Do Psychologists, Psychiatrists, Therapists Usually Give Patients Their Personal Phone Numbers?

I was watching a movie last night (The Forgotten, so it wasn’t exactly based in realism) and the lead character was encouraged to call her psychiatrist both on his cell or on his home line, whenever she felt like talking with him.

I don’t have personal experience with therapy, but was wondering if this is common, or just a movie contrivence?

I imagine this may happen on occasion, but it would seem fraught with potential for major personal-life disruption for the caregiver.

I know one personally – She has two home phone numbers, one dedicated to the business. She can always listen for and answer both, but this gives the option to turn off one I guess.

Also her husband only answers one of them.

My psychotherapist (a psychiatrist) gave me his cell but I don’t know if it’s his own or one work provides. Previously, cells and home numbers have never been offered and I’ve never asked. This time it is mainly an aid in facilitating scheduling because we both have rough schedules.
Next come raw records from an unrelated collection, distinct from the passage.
Lemma is_series_C (a : nat -> C) (l : C) :
  is_series a l <->
  is_series (fun n => Re (a n)) (Re l) /\ is_series (fun n => Im (a n)) (Im l).
Proof.
  unfold is_series; split.
  - intros H; split; apply filterlim_locally; intros eps;
      destruct (proj1 (filterlim_locally _ _) H eps) as [N HN]; exists N; intros n Hn.
    + rewrite <- sum_n_Re; apply (HN n Hn).
    + rewrite <- sum_n_Im; apply (HN n Hn).
  - intros [H1 H2]; apply filterlim_locally; intros eps.
    destruct (proj1 (filterlim_locally _ _) H1 eps) as [N1 HN1],
      (proj1 (filterlim_locally _ _) H2 eps) as [N2 HN2].
    exists (max N1 N2); intros n Hn; split.
    + change (ball (Re l) eps (Re (sum_n a n))); rewrite sum_n_Re; apply HN1; lia.
    + change (ball (Im l) eps (Im (sum_n a n))); rewrite sum_n_Im; apply HN2; lia.
Qed.

(* Coquelicot's differential and power-series calculus is real, so complex-valued
   functions of a real variable are handled through their real and imaginary parts. *)
Definition is_derive_C (f : R -> C) (x : R) (l : C) : Prop :=
  is_derive (fun s => Re (f s)) x (Re l) /\ is_derive (fun s => Im (f s)) x (Im l).

Lemma is_derive_C_mult (f g : R -> C) (x : R) (l m : C) :
  is_derive_C f x l -> is_derive_C g x m ->
  is_derive_C (fun s => f s * g s)%C x (l * g x + f x * m)%C.
Proof.
  intros [Hf1 Hf2] [Hg1 Hg2].
  pose proof (fun f g df dg Hf Hg =>
    is_derive_mult (K := R_AbsRing) f g x df dg Hf Hg Rmult_comm) as Hmult.
  split.
  - eapply is_derive_ext; [intros s; symmetry; apply re_mult|].
    refine (eq_ind _ (is_derive _ x)
      (is_derive_minus _ _ _ _ _ (Hmult _ _ _ _ Hf1 Hg1) (Hmult _ _ _ _ Hf2 Hg2)) _ _).
    rewrite re_plus, !re_mult; unfold minus, plus, mult, opp; simpl; ring.
  - eapply is_derive_ext; [intros s; symmetry; apply im_mult|].
    refine (eq_ind _ (is_derive _ x)
      (is_derive_plus _ _ _ _ _ (Hmult _ _ _ _ Hf1 Hg2) (Hmult _ _ _ _ Hf2 Hg1)) _ _).
    rewrite im_plus, !im_mult; unfold plus, mult; simpl; ring.
Qed.

Lemma is_derive_C_cexp (g : R -> C) (x : R) (l : C) :
  is_derive_C g x l -> is_derive_C (fun s => cexp (g s)) x (l * cexp (g x))%C.
Proof.
  intros [Hre Him].
  pose proof (is_derive_comp exp _ x _ _ (is_derive_exp _) Hre) as Hexp.
  pose proof (fun f g df dg Hf Hg =>
    is_derive_mult (K := R_AbsRing) f g x df dg Hf Hg Rmult_comm) as Hmult.
  split.
  - refine (eq_ind _ (is_derive _ x)
      (Hmult _ _ _ _ Hexp (is_derive_comp cos _ x _ _ (is_derive_cos _) Him)) _ _).
    unfold cexp, Cmult, Re, Im, plus, mult, scal; simpl; unfold mult; simpl; ring.
  - refine (eq_ind _ (is_derive _ x)
      (Hmult _ _ _ _ Hexp (is_derive_comp sin _ x _ _ (is_derive_sin _) Him)) _ _).
    unfold cexp, Cmult, Re, Im, plus, mult, scal; simpl; unfold mult; simpl; ring.
Qed.

Lemma is_derive_C_zero_const (f : R -> C) :
  (forall s, is_derive_C f s (RtoC 0)) -> forall a b, f a = f b.
Proof.
  intros Hf.
  assert (Hlt : forall a b, a < b -> f a = f b).
  { intros a b Hab; apply injective_projections.
    - apply (eq_is_derive (fun s => Re (f s))); [intros s _; apply Hf|exact Hab].
    - apply (eq_is_derive (fun s => Im (f s))); [intros s _; apply Hf|exact Hab]. }
  intros a b; destruct (Rtotal_order a b) as [H|[->|H]]; auto.
  symmetry; auto.
Qed.

Lemma linear_ode_C (F : R -> C) (u v : C) :
  (forall s, is_derive_C F s ((u + 2 * v * s) * F s)%C) ->
  forall s, F s = (F 0 * cexp (u * s + v * s * s))%C.
Proof.
  intros HF s.
  set (g := fun s : R => (u * s + v * s * s)%C).
  assert (Hg : forall s, is_derive_C (fun s => - g s)%C s (- (u + 2 * v * s))%C).
  { intros r; unfold g; destruct u as [u1 u2], v as [v1 v2].
    split; unfold Re, Im, Copp, Cplus, Cmult, RtoC; simpl; auto_derive; auto; ring. }
  assert (Hconst : forall r, is_derive_C (fun s => F s * cexp (- g s))%C r (RtoC 0)).
  { intros r.
    pose proof (is_derive_C_mult _ _ r _ _ (HF r) (is_derive_C_cexp _ r _ (Hg r))) as H.
    replace (RtoC 0)
      with ((u + 2 * v * r) * F r * cexp (- g r) + F r * (- (u + 2 * v * r) * cexp (- g r)))%C
      by ring.
    exact H. }
  assert (Hinv : forall r, (cexp (- g r) * cexp (g r))%C = (RtoC 1)).
  { intros r; rewrite <- cexp_plus.
    replace (- g r + g r)%C with (RtoC 0) by ring.
    now rewrite cexp_RtoC, exp_0. }
  assert (Hg0 : g 0 = RtoC 0) by (unfold g; ring).
  rewrite <- (Cmult_1_r (F s)), <- (Hinv s), Cmult_assoc.
  rewrite <- (is_derive_C_zero_const _ Hconst 0 s).
  now rewrite Hg0, Copp_0, cexp_RtoC, exp_0, Cmult_1_r.
Qed.

Definition CPSeries (c : nat -> C) (s : R) : C :=
  (PSeries (fun n => Re (c n)) s, PSeries (fun n => Im (c n)) s).

Section ComplexPowerSeries.

Variable c : nat -> C.
Hypothesis c_bounded : forall r, 0 <= r -> exists M, forall n, Cmod (c n) * r ^ n <= M.

Lemma CV_radius_Re : CV_radius (fun n => Re (c n)) = p_infty.
Proof.
  apply CV_radius_infinite_of_bounded; intros r Hr.
  destruct (c_bounded r Hr) as [M HM]; exists M; intro n.
  apply Rle_trans with (2 := HM n), Rmult_le_compat_r; [now apply pow_le|].
  apply re_le_Cmod.
Qed.

Lemma CV_radius_Im : CV_radius (fun n => Im (c n)) = p_infty.
Proof.
  apply CV_radius_infinite_of_bounded; intros r Hr.
  destruct (c_bounded r Hr) as [M HM]; exists M; intro n.
  apply Rle_trans with (2 := HM n), Rmult_le_compat_r; [now apply pow_le|].
  apply Rle_trans with (2 := Rmax_Cmod (c n)), Rmax_r.
Qed.

Lemma is_series_CPSeries s : is_series (fun n => c n * RtoC (s ^ n))%C (CPSeries c s).
Proof.
  apply is_series_C; split.
  - eapply is_series_ext;
      [|apply PSeries_correct, CV_radius_inside; rewrite CV_radius_Re; exact I].
    intro n; rewrite re_scal_r, pow_n_pow; apply Rmult_comm.
  - eapply is_series_ext;
      [|apply PSeries_correct, CV_radius_inside; rewrite CV_radius_Im; exact I].
    intro n; rewrite im_scal_r, pow_n_pow; apply Rmult_comm.
Qed.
During my troubled teens I think I had the number of one of my therapists, and I know that I had the number of two or three of the social workers with whom I regularly talked. As an adult I’ve had one psychiatrist and two psychologists, and none of those three offered me their home numbers, though I did sometimes interact with them via email . . . though these communications were usually about business stuff (e.g., “I need to reschedule” or something). Many of the mental health professionals I know give out emergency numbers, but as far as I know these were for their offices and not homes.

For private workers, a business line at home is not uncommon. But generally some kind of separation is considered desirable, even if its just so you can do different answering messages for each.

If it was a ‘personal’ phone, it would probably be considered potential cause for concern about boundary issues, particularly for someone working in an organisation.

Otara

My stepdad (therapist) gives out his cell, but not home.

It would be unlikely, for professional reasons. What if, for some reason, you couldn’t be reached and were in crisis? An answering service could talk to the person and provide immediate referral to a crisis center or another therapist on duty so the distressed person would get help ASAP, instead of just having the phone go to voice mail

She’s rather unconventional in some ways, so not surprisingly my doctor has given me all her numbers–work, home, and cell. I don’t know if she does this for everyone or just those who have to sign the “anti-suicide” contract. She knows she’s “on-call” just in case someone goes cuckoo for cocoa puffs, so I guess she figures it’s either wait for the answering service to call her up during an emergency or just cut out the middle man and let patients contact her directly. I have called her cell phone on more than a few occassions (especially when I was really sick). Most times she answers and is all ready to launch into “rescue” mode. But a couple of times her phone was not on and I would just send her an email, if I felt I needed her assistance that bad. She has emailed me more than I have emailed her, actually.

She’s also given me her home address, too. I’ve only gone there once, to drop off something on her porch as she requested I do. But her address is listed in the white pages for anyone to look up, so apparently she’s not real concerned.

I imagine she uses some discretion, though. She picks and chooses which patients she wants to work with, and I imagine that if she gets creepy, stalkerish vibes from someone during the initial sessions, she’d refer them to someone else.
I believe she’s also assertive enough to tell someone to stop calling her so much, if they were in fact doing so.

When I filled out the initial paperwork, I signed a paper saying that I would be charged some ungodly amount of money for each minute spent talking to my therapist outside of session. I have yet to get a bill. But again, I’m thinking this would deter someone from talking too much and that it would be left to the doctor’s discretion whether to charge them or not.

I know of one person who has made a couple or so suicide attempts who has a 24-hour number for the psychopharmacologist/psychiatrist, and who has used it on at least one occasion. This is a doctor-patient relationship that’s been ongoing for several years.